Constructing your individual customized AI assistant that’s powered by a locally-running giant language mannequin is simple today. Strategies like mannequin pruning and quantization have made it potential to run moderately highly effective fashions on modest computing platforms. Furthermore, many hobbyists have already designed their very own AI assistants and printed their work, giving us all loads of assets to lean on when constructing our personal initiatives.
However there are AI assistants after which there are AI assistants. Positive, you would slap collectively a number of elements and create one thing that will look nice hidden away in your closet (like this system constructed by yours actually). However what if you wish to have an AI assistant sitting in your desk or bookshelf with out scaring away non-techie company? If you wish to step up your hacking recreation, then Simone Marzulli has obtained a venture that it would be best to try.
A high-level overview of system operation (📷: Simone Marzulli)
Marzulli constructed an AI assistant, however this one has a pleasant case and enormous show with an animated character to make it not solely sensible, but additionally presentable. Higher nonetheless, it’s not only a chatbot, however quite it’s an AI agent. Meaning you can provide it a listing of digital duties to do, and it’ll discover the most effective instruments to perform them, then perform your requests. Even with these added capabilities, the system, referred to as Max Headbox, nonetheless runs every little thing 100% regionally.

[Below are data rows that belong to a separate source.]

Theorem mainTheorem8
  (n p k : nat) (X : mat) (bstar eps Y : vec) (g dg : R -> R)
  (M P : nat -> mat) (q c lam : nat -> R) (bhat : vec) :
  (forall i, (i < n)%nat -> Y i = mv p X bstar i + eps i) ->
  link_ok n g dg ->
  (1 <= k)%nat ->
  (forall j, (j < k)%nat -> 1 <= q j) ->
  (forall b : vec, (forall j, (j < k)%nat -> vec_eq p (mv p (M j) b) (fun _ => 0)) ->
     vec_eq p b (fun _ => 0)) ->
  (forall j, (j < k)%nat -> mat_eq p p (mm p (P j) (P j)) (P j)) ->
  mat_eq p p (msum k (fun j => mm p (P j) (mm p (pinv p p (M j)) (M j)))) idm ->
  (exists i, (i < n)%nat /\ Y i <> 0) ->
  (forall j, (j < k)%nat -> 0 < Dnoise n p X P M q eps j) ->
  (forall j, (j < k)%nat -> 1 < c j) ->
  (forall j, (j < k)%nat -> 0 < lam j) ->
  is_argmin n p k g X Y M q lam bhat ->
  0 < sqnorm n (resid n p X Y bhat) ->
  (forall j, (j < k)%nat ->
     lam j / (2 * dg (sqnorm n (resid n p X Y bhat))) = c j * Dnoise n p X P M q eps j) ->
  let a := fun j => 2 * (c j - 1) * Dnoise n p X P M q eps j in
  forall b : vec,
    La n p k X bstar M q a bhat
      <= (1 + max_lt k (fun j => 4 * Dnoise n p X P M q eps j / a j))
         * La n p k X bstar M q a b.
Proof.
  intros Hmod Hlink Hk Hq _ _ Hpart [i0 [Hi0 _]] HN Hc Hlam Hmin Hs Hcal a b.
  destruct Hlink as (_ & _ & _ & _ & Hgd & _ & Hdgp & _).
  set (N := Dnoise n p X P M q eps) in *.
  set (m := max_lt k (fun j => 4 * N j / a j)).
  assert (Ha : forall j, (j < k)%nat -> 0 < a j).
  { intros j Hj; specialize (Hc j Hj); specialize (HN j Hj); unfold a; cbv beta; nra. }
  assert (Hm : forall j, (j < k)%nat -> 4 * N j <= m * a j).
  { intros j Hj; specialize (Ha j Hj).
    replace (4 * N j) with (4 * N j / a j * a j) by (field; lra).
    apply Rmult_le_compat_r; [lra|apply (max_lt_ge k (fun j => 4 * N j / a j)); auto]. }
  assert (Hm0 : 0 <= m).
  { specialize (Hm 0%nat Hk); specialize (HN 0%nat Hk); specialize (Ha 0%nat Hk); nra. }
  assert (Hcore := oracle_combination k N c a
    (fun j => lq_norm (q j) p (mv p (M j) b)) (fun j => lq_norm (q j) p (mv p (M j) bhat)) m
    _ _ _ _ (fun j _ => eq_refl) (fun j _ => lq_norm_nonneg _ _ _) Hm Hm0 (sqnorm_nonneg _ _)
    (prediction_error_le n p X bstar eps Y bhat b Hmod)
    (argmin_first_order_calibrated n p k g dg X Y M q lam (fun j => c j * N j) bhat b Hq
       (fun j Hj => Rlt_le _ _ (Hlam j Hj)) Hmin (Hgd _ Hs) (Hdgp _ Hs) Hcal)
    (noise_correlation_ge n p k X M P q eps b bhat Hq Hpart)).
  assert (0 < / INR n) by (apply Rinv_0_lt_compat, lt_0_INR; lia).
  unfold La; nra.
Qed.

Max Headbox is constructed round a Raspberry Pi 5, which offers simply sufficient horsepower to run small however succesful open-source AI fashions. A customized case homes the Pi, cooling fan, and a compact show that reveals the assistant’s cheerful inexperienced emoji face. A coloured ribbon circling the pinnacle signifies what the system is doing: blue when it’s listening, crimson whereas recording, and rainbow when the mannequin is busy producing a response.

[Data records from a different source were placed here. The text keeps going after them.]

(* Let $e_1,e_2,e_3$ be nonzero integers with $e_1+e_2+e_3=0$. Let $\Lambda=(d_1,d_2,d_3)$ be a triple of nonzero square-free integers with $d_1d_2d_3$ a square. Let $n$ be a positive square-free integer coprime with $e_1e_2e_3$ and $p$ an odd prime factor of $n$. Then $D^{(n)}_\Lambda(\mathbb{Q}_p)\neq\emptyset$ if and only if - $\left(\frac{d_1}{p}\right)=\left(\frac{d_2}{p}\right)=\left(\frac{d_3}{p}\right)=1$, in case $p\nmid d_1d_2d_3$; - $\left(\frac{-e_2e_3d_1}{p}\right)=\left(\frac{e_3n/d_2}{p}\right)=\left(\frac{-e_2n/d_3}{p}\right)=1$, in case $p\nmid d_1$, $p\mid d_2$, $p\mid d_3$; - $\left(\frac{-e_3n/d_1}{p}\right)=\left(\frac{-e_3e_1d_2}{p}\right)=\left(\frac{e_1n/d_3}{p}\right)=1$, in case $p\mid d_1$, $p\nmid d_2$, $p\mid d_3$; - $\left(\frac{e_2n/d_1}{p}\right)=\left(\frac{-e_1n/d_2}{p}\right)=\left(\frac{-e_1e_2d_3}{p}\right)=1$, in case $p\mid d_1$, $p\mid d_2$, $p\nmid d_3$.
   Context: $D^{(n)}_\Lambda$ is the curve in $\mathbb{P}^3$ with coordinates $(t,u_1,u_2,u_3)$ defined by $e_1nt^2+d_2u_2^2-d_3u_3^2=0$, $e_2nt^2+d_3u_3^2-d_1u_1^2=0$, $e_3nt^2+d_1u_1^2-d_2u_2^2=0$. For a rational number $r$ which is a $p$-adic unit, $\left(\frac{r}{p}\right)$ is the Legendre symbol of its reduction modulo $p$ (so the arguments $n/d_i$ above, with $p\mid d_i$, are $p$-adic units). *)

From HB Require Import structures.
From mathcomp Require Import all_boot all_order all_algebra.
Set Implicit Arguments. Unset Strict Implicit. Unset Printing Implicit Defensive.
Import Order.TTheory GRing.Theory Num.Theory.
Local Open Scope ring_scope.

Definition sqfree (n : nat) : Prop :=
  forall q : nat, prime q -> ~~ (q * q %| n)%N.

Definition sqfreez (d : int) : Prop := sqfree (absz d).

(* An element of Z_p = lim Z/p^k Z is represented by integers x k (k : nat),
   x k being a representative of its image in Z/p^k, with the compatibility
   x (k+1) = x k mod p^k. *)
Definition Zp_coherent (p : nat) (x : nat -> int) : Prop :=
  forall k : nat, (x k.+1 == x k %[mod (p ^ k)%:Z])%Z.

Definition Zp_nonzero (p : nat) (x : nat -> int) : Prop :=
  exists k : nat, ~~ ((p ^ k)%:Z %| x k)%Z.

Definition D_forms (e1 e2 e3 d1 d2 d3 : int) (n : nat)
    (t u1 u2 u3 : int) : int * int * int :=
  (e1 * n%:Z * t ^+ 2 + d2 * u2 ^+ 2 - d3 * u3 ^+ 2,
   e2 * n%:Z * t ^+ 2 + d3 * u3 ^+ 2 - d1 * u1 ^+ 2,
   e3 * n%:Z * t ^+ 2 + d1 * u1 ^+ 2 - d2 * u2 ^+ 2).

(* D^{(n)}_Lambda(Q_p) is nonempty: there is a point (t:u1:u2:u3) of P^3(Q_p)
   on the curve.  Clearing denominators (the equations are homogeneous), this
   is the existence of a nonzero vector (t,u1,u2,u3) in Z_p^4 satisfying the
   three equations in Z_p, i.e. componentwise modulo every p^k. *)
Definition D_Qp_nonempty (p : nat) (e1 e2 e3 d1 d2 d3 : int) (n : nat) : Prop :=
  exists t u1 u2 u3 : nat -> int,
    [/\ [/\ Zp_coherent p t, Zp_coherent p u1, Zp_coherent p u2 & Zp_coherent p u3],
        (Zp_nonzero p t \/ Zp_nonzero p u1 \/ Zp_nonzero p u2 \/ Zp_nonzero p u3)
      & forall k : nat,
        let F := D_forms e1 e2 e3 d1 d2 d3 n (t k) (u1 k) (u2 k) (u3 k) in
        [/\ ((p ^ k)%:Z %| F.1.1)%Z, ((p ^ k)%:Z %| F.1.2)%Z
           & ((p ^ k)%:Z %| F.2)%Z]].

Definition legendreF (p : nat) (x : 'F_p) : int :=
  if x == 0 then 0 else if [exists y : 'F_p, y ^+ 2 == x] then 1 else -1.

(* Reduction modulo p of a rational number (meaningful when r is a p-adic
   unit, i.e. p divides neither numerator nor denominator). *)
Definition redp (p : nat) (r : rat) : 'F_p :=
  (numq r)%:~R / (denq r)%:~R.

Definition legendre (r : rat) (p : nat) : int := legendreF (redp p r).

From mathcomp Require Import all_boot all_order all_algebra.
From mathcomp Require Import ring.
Import Order.TTheory GRing.Theory Num.Theory.
Set Implicit Arguments. Unset Strict Implicit. Unset Printing Implicit Defensive.
Local Open Scope ring_scope.

(* A Q_p-point of the curve can be scaled to a primitive Z_p-point (t, u1, u2, u3), and
   since p | n the equations modulo p and p^2 pin down its shape.  If p does not divide
   d1 d2 d3, they give d3 u3^2 = d1 u1^2 = d2 u2^2 mod p with all u_i units, so the d_i
   share one quadratic character, which is trivial because d1 d2 d3 is a square.  If
   p | d2, d3, write d_i = p d_i' and n = p n': then p | u1, t is a unit, and dividing
   by p gives d2' u2^2 = e3 n' t^2 and d3' u3^2 = -e2 n' t^2 mod p; the condition on
   -e2 e3 d1 follows since d1 d2' d3' is a square.  Conversely, for odd p, Hensel's
   lemma lifts the square roots to Z_p, giving the points (0, r2 r3, r1 r3, r1 r2) with
   r_i^2 = d_i, resp. (d2' d3', 0, d3' q2, d2' q3) with q2^2 = e3 n' d2' and
   q3^2 = -e2 n' d3'.  The last two cases follow by cyclic symmetry of the equations. *)

Lemma PoszX (m k : nat) : (m ^ k)%:Z = m%:Z ^+ k.
Proof. by rewrite -!natz natrX. Qed.

Lemma mulf_sqr_eq0 (F : idomainType) (c x : F) :
  c != 0 -> (c * x ^+ 2 == 0) = (x == 0).
Proof. by move=> c0; rewrite mulf_eq0 (negbTE c0) expf_eq0. Qed.

Lemma dvdz_addMr (m a b : int) : (m %| a + m * b)%Z = (m %| a)%Z.
Proof. by rewrite rpredDr // dvdz_mulr. Qed.

Lemma dvdz_sqr_addMr (m a b : int) : (m ^+ 2 %| a + m * b)%Z -> (m %| a)%Z.
Proof. by rewrite -(dvdz_addMr m a b); apply: dvdz_trans; rewrite expr2 dvdz_mulr. Qed.

Lemma dvdz_sqr_mulDMr (m a b : int) :
  m != 0 -> (m ^+ 2 %| m * (a + m * b))%Z = (m %| a)%Z.
Proof. by move=> m0; rewrite expr2 dvdz_mul2l // dvdz_addMr. Qed.

Lemma newton_sqrt_step (m a y w r : int) (k : nat) :
  (m %| 1 - 2 * y * w)%Z -> (m ^+ k.+1 %| r ^+ 2 - a)%Z -> (m %| r - y)%Z ->
  (m ^+ k.+2 %| (r - (r ^+ 2 - a) * w) ^+ 2 - a)%Z.
Proof.
move=> m_w m_r m_ry.
have -> : (r - (r ^+ 2 - a) * w) ^+ 2 - a =
    (r ^+ 2 - a) * ((1 - 2 * y * w) - 2 * w * (r - y)) + (r ^+ 2 - a) ^+ 2 * w ^+ 2.
  by ring.
apply: rpredD.
  by rewrite (exprSr m k.+1); apply: (dvdz_mul m_r); apply: rpredB => //; apply: dvdz_mull.
apply: dvdz_mulr; apply: dvdz_trans (dvdz_exp2r 2 m_r); rewrite -exprM.
by apply: dvdz_exp2l; rewrite mulnC mul2n -addnn addSn ltnS leq_addl.
Qed.

Lemma dvdz_scale_primitive (m : int) (k : nat) (s : seq int) :
  m != 0 -> ~~ all (dvdz (m ^+ k)) s ->
  exists2 j : nat, (j < k)%N &
    exists2 s' : seq int, s = map ( *%R (m ^+ j)) s' & ~~ all (dvdz m) s'.
Proof.
move=> m0; elim: k s => [|k IHk] s.
  by rewrite expr0; case/allPn => x _ /negP[]; exact: dvd1z.
have [/allP sm | s_prim _] := boolP (all (dvdz m) s); last first.
  by exists 0%N => //; exists s => //; rewrite expr0 (eq_map (@mul1r _)) map_id.
have -> : s = map ( *%R m) (map (fun x => x %/ m)%Z s).
  by rewrite -map_comp map_id_in // => x /sm /divzK; rewrite mulrC.
rewrite all_map (eq_all (a2 := dvdz (m ^+ k))) => [/IHk [j lt_jk [s' -> s'_prim]]|x].
  exists j.+1 => //; exists s' => //.
  by rewrite -map_comp exprS; apply: eq_map => x /=; rewrite mulrA.
by rewrite exprS; exact: dvdz_mul2l m0.
Qed.

Section Legendre.
Variable p : nat.

Lemma legendreF1P (x : 'F_p) :
  legendreF x = 1 <-> x != 0 /\ exists y, y ^+ 2 = x.
Proof.
rewrite /legendreF; have [->|x0] := eqVneq x 0; first by split=> [/eqP|[]].
case: existsP => [[y /eqP y2x]|no_root]; first by split=> // _; split=> //; exists y.
by split=> [/eqP|[_ [y y2x]]] //; case: no_root; exists y; rewrite y2x.
Qed.

Lemma legendreF_sqr (y : 'F_p) : y != 0 -> legendreF (y ^+ 2) = 1.
Proof. by move=> y0; apply/legendreF1P; split; [rewrite expf_neq0 | exists y]. Qed.

Lemma legendreF_mul_sqr (x y : 'F_p) : y != 0 -> legendreF (x * y ^+ 2) = legendreF x.
Proof.
move=> y0; have y20 : y ^+ 2 != 0 by rewrite expf_neq0.
rewrite /legendreF mulf_eq0 (negbTE y20) orbF; case: eqP => // _.
congr (if _ then _ else _); apply/existsP/existsP => -[z /eqP z2].
  by exists (z / y); rewrite expr_div_n z2 mulfK.
by exists (z * y); rewrite exprMn z2.
Qed.

Lemma legendreF_diag_squares (d1 d2 d3 s u1 u2 u3 : 'F_p) :
  d3 != 0 -> u1 != 0 -> u2 != 0 -> u3 != 0 -> d1 * d2 * d3 = s ^+ 2 ->
  d3 * u3 ^+ 2 = d1 * u1 ^+ 2 -> d1 * u1 ^+ 2 = d2 * u2 ^+ 2 ->
  [/\ legendreF d1 = 1, legendreF d2 = 1 & legendreF d3 = 1].
Proof.
move=> d3u u1u u2u u3u ds E31 E12.
have d1E : d1 = d3 * (u3 / u1) ^+ 2 by rewrite expr_div_n mulrA E31 mulfK // expf_neq0.
have d2E : d2 = d3 * (u3 / u2) ^+ 2 by rewrite expr_div_n mulrA E31 E12 mulfK // expf_neq0.
have d3_sqr : legendreF d3 = 1.
  set y := d3 * (u3 / u1) * (u3 / u2).
  have y0 : y != 0 by rewrite !mulf_neq0 ?invr_eq0.
  have sE : s ^+ 2 = d3 * y ^+ 2 by rewrite -ds {1}d1E {1}d2E /y; ring.
  have s0 : s != 0 by rewrite -sqrf_eq0 sE mulf_sqr_eq0.
  by rewrite -(legendreF_mul_sqr _ y0) -sE legendreF_sqr.
by rewrite d1E d2E !legendreF_mul_sqr ?(mulf_neq0, invr_eq0).
Qed.

Lemma legendreF_twisted_squares (a b c d1 d2 d3 s t u2 u3 : 'F_p) :
  a != 0 -> b != 0 -> c != 0 -> d1 != 0 -> d2 != 0 -> d3 != 0 -> t != 0 ->
  d1 * d2 * d3 = s ^+ 2 -> d2 * u2 ^+ 2 = a * c * t ^+ 2 -> d3 * u3 ^+ 2 = b * c * t ^+ 2 ->
  [/\ legendreF (b * a * d1) = 1, legendreF (a * c / d2) = 1 & legendreF (b * c / d3) = 1].
Proof.
move=> a0 b0 c0 d10 d20 d30 t0 ds E2 E3.
have u20 : u2 != 0 by rewrite -(mulf_sqr_eq0 _ d20) E2 mulf_sqr_eq0 // mulf_neq0.
have u30 : u3 != 0 by rewrite -(mulf_sqr_eq0 _ d30) E3 mulf_sqr_eq0 // mulf_neq0.
have s0 : s != 0 by rewrite -sqrf_eq0 -ds !mulf_neq0.
have quot_sqr d u f : d != 0 -> d * u ^+ 2 = f * c * t ^+ 2 -> f * c / d = (u / t) ^+ 2.
  move=> dn0 E; apply: (mulfI dn0); rewrite expr_div_n [d * (_ / _ ^+ 2)]mulrA E.
  by rewrite mulfK ?expf_neq0 // mulrCA divff ?mulr1.
split.
- rewrite -(legendreF_mul_sqr _ (mulf_neq0 (expf_neq0 2 t0) c0)).
  rewrite (_ : b * a * d1 * _ = (u2 * u3 * s) ^+ 2) ?legendreF_sqr ?mulf_neq0 //.
  rewrite !exprMn -ds; transitivity (d1 * (d2 * u2 ^+ 2) * (d3 * u3 ^+ 2)).
    by rewrite E2 E3; ring.
  by ring.
- by rewrite (quot_sqr _ u2) ?legendreF_sqr ?mulf_neq0 ?invr_eq0.
- by rewrite (quot_sqr _ u3) ?legendreF_sqr ?mulf_neq0 ?invr_eq0.
Qed.

End Legendre.

Section PadicSequences.
Variable p : nat.
Local Notation P := p%:Z.

Definition is_Zp_sqrt (a : int) (r : nat -> int) : Prop :=
  Zp_coherent p r /\ forall k, ((p ^ k)%:Z %| r k ^+ 2 - a)%Z.

Lemma Zp_coherent_const (c : int) : Zp_coherent p (fun=> c).
Proof. by move=> k; rewrite eqxx. Qed.

Lemma Zp_coherent_mul (x y : nat -> int) :
  Zp_coherent p x -> Zp_coherent p y -> Zp_coherent p (fun k => x k * y k).
Proof.
move=> cx cy k; move: (cx k) (cy k); rewrite !eqz_mod_dvd => dx dy.
have -> : x k.+1 * y k.+1 - x k * y k = x k.+1 * (y k.+1 - y k) + (x k.+1 - x k) * y k.
  by ring.
by apply: rpredD; [apply: dvdz_mull | apply: dvdz_mulr].
Qed.

Lemma Zp_coherent_dvd_sub (x : nat -> int) (j k : nat) :
  Zp_coherent p x -> (j <= k)%N -> (P ^+ j %| x k - x j)%Z.
Proof.
move=> cx; elim: k => [|k IHk]; first by rewrite leqn0 => /eqP ->; rewrite subrr dvdz0.
rewrite leq_eqVlt ltnS => /predU1P [->|le_jk]; first by rewrite subrr dvdz0.
have -> : x k.+1 - x j = (x k.+1 - x k) + (x k - x j) by ring.
apply: rpredD; last exact: IHk.
by apply: dvdz_trans (dvdz_exp2l _ le_jk) _; rewrite -PoszX -eqz_mod_dvd.
Qed.

Lemma Zp_nonzero_eventually (x : nat -> int) :
  Zp_coherent p x -> Zp_nonzero p x ->
  exists k, forall K, (k <= K)%N -> ~~ (P ^+ k %| x K)%Z.
Proof.
move=> cx [k nk]; exists k => K le_kK; apply: contra nk => dK.
rewrite PoszX (_ : x k = x K - (x K - x k)); last by ring.
by apply: rpredB => //; apply: Zp_coherent_dvd_sub.
Qed.

Lemma D_Qp_nonempty_rot e1 e2 e3 d1 d2 d3 n :
  D_Qp_nonempty p e1 e2 e3 d1 d2 d3 n -> D_Qp_nonempty p e2 e3 e1 d2 d3 d1 n.
Proof.
case=> t [u1 [u2 [u3 [[ct c1 c2 c3] nz sol]]]]; exists t, u2, u3, u1; split=> //.
- by case: nz => [|[|[|]]]; tauto.
- by move=> k; case: (sol k).
Qed.

Lemma D_Qp_nonempty_rotP e1 e2 e3 d1 d2 d3 n :
  D_Qp_nonempty p e1 e2 e3 d1 d2 d3 n <-> D_Qp_nonempty p e2 e3 e1 d2 d3 d1 n.
Proof. by split=> [/D_Qp_nonempty_rot|/D_Qp_nonempty_rot/D_Qp_nonempty_rot]. Qed.

End PadicSequences.

Lemma D_forms_scale e1 e2 e3 d1 d2 d3 n (c t u1 u2 u3 : int) :
  let F := D_forms e1 e2 e3 d1 d2 d3 n t u1 u2 u3 in
  D_forms e1 e2 e3 d1 d2 d3 n (c * t) (c * u1) (c * u2) (c * u3) =
    (c ^+ 2 * F.1.1, c ^+ 2 * F.1.2, c ^+ 2 * F.2).
Proof. by rewrite /D_forms /=; congr (_, _, _); ring. Qed.

Section PrimeField.
Variable p : nat.
Hypothesis p_pr : prime p.
Local Notation P := p%:Z.
Local Notation phi z := (z%:~R : 'F_p).

Lemma primez_neq0 : P != 0.
Proof. by rewrite eqz_nat -lt0n prime_gt0. Qed.

Lemma dvdz_Fp (z : int) : (P %| z)%Z = (phi z == 0).
Proof. exact/dvdz_pcharf/pchar_Fp. Qed.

On the software program aspect, Marzulli leveraged a stack of established open-source instruments. A React Vite entrance finish communicates with a Sinatra backend, which handles microphone management and recording. Audio enter is handed to faster-whisper, a high-performance reimplementation of OpenAI’s Whisper, for speech-to-text transcription. To allow hands-free operation, a wake phrase detection system constructed with Vosk listens in standby mode and mechanically shuts down when the language mannequin is lively to keep away from CPU competition.
For managing the massive language fashions themselves, Marzulli selected Ollama, a light-weight framework for operating open fashions regionally through an API. This might not be a everlasting answer, but it surely supplied a fast path to getting the proof-of-concept working. The fashions he settled on had been Qwen3 1.7b and Gemma3 1b. Bigger fashions like Qwen2.5 3b carried out higher when it comes to accuracy, however added an excessive amount of latency for the Raspberry Pi’s modest {hardware}.
The Qwen3 mannequin was used to deal with agentic activity execution, whereas Gemma3 was used as a conversational mannequin. Responses from the conversational mannequin embody each a response for the consumer and an related “feeling” similar to completely satisfied, , or confused. These map to emoji graphics displayed alongside the textual content, giving the assistant a touch of character.
Loads of particulars can be found within the venture’s weblog put up, so you should definitely give it a learn in case you are eager about constructing your individual AI-powered assistant any time quickly.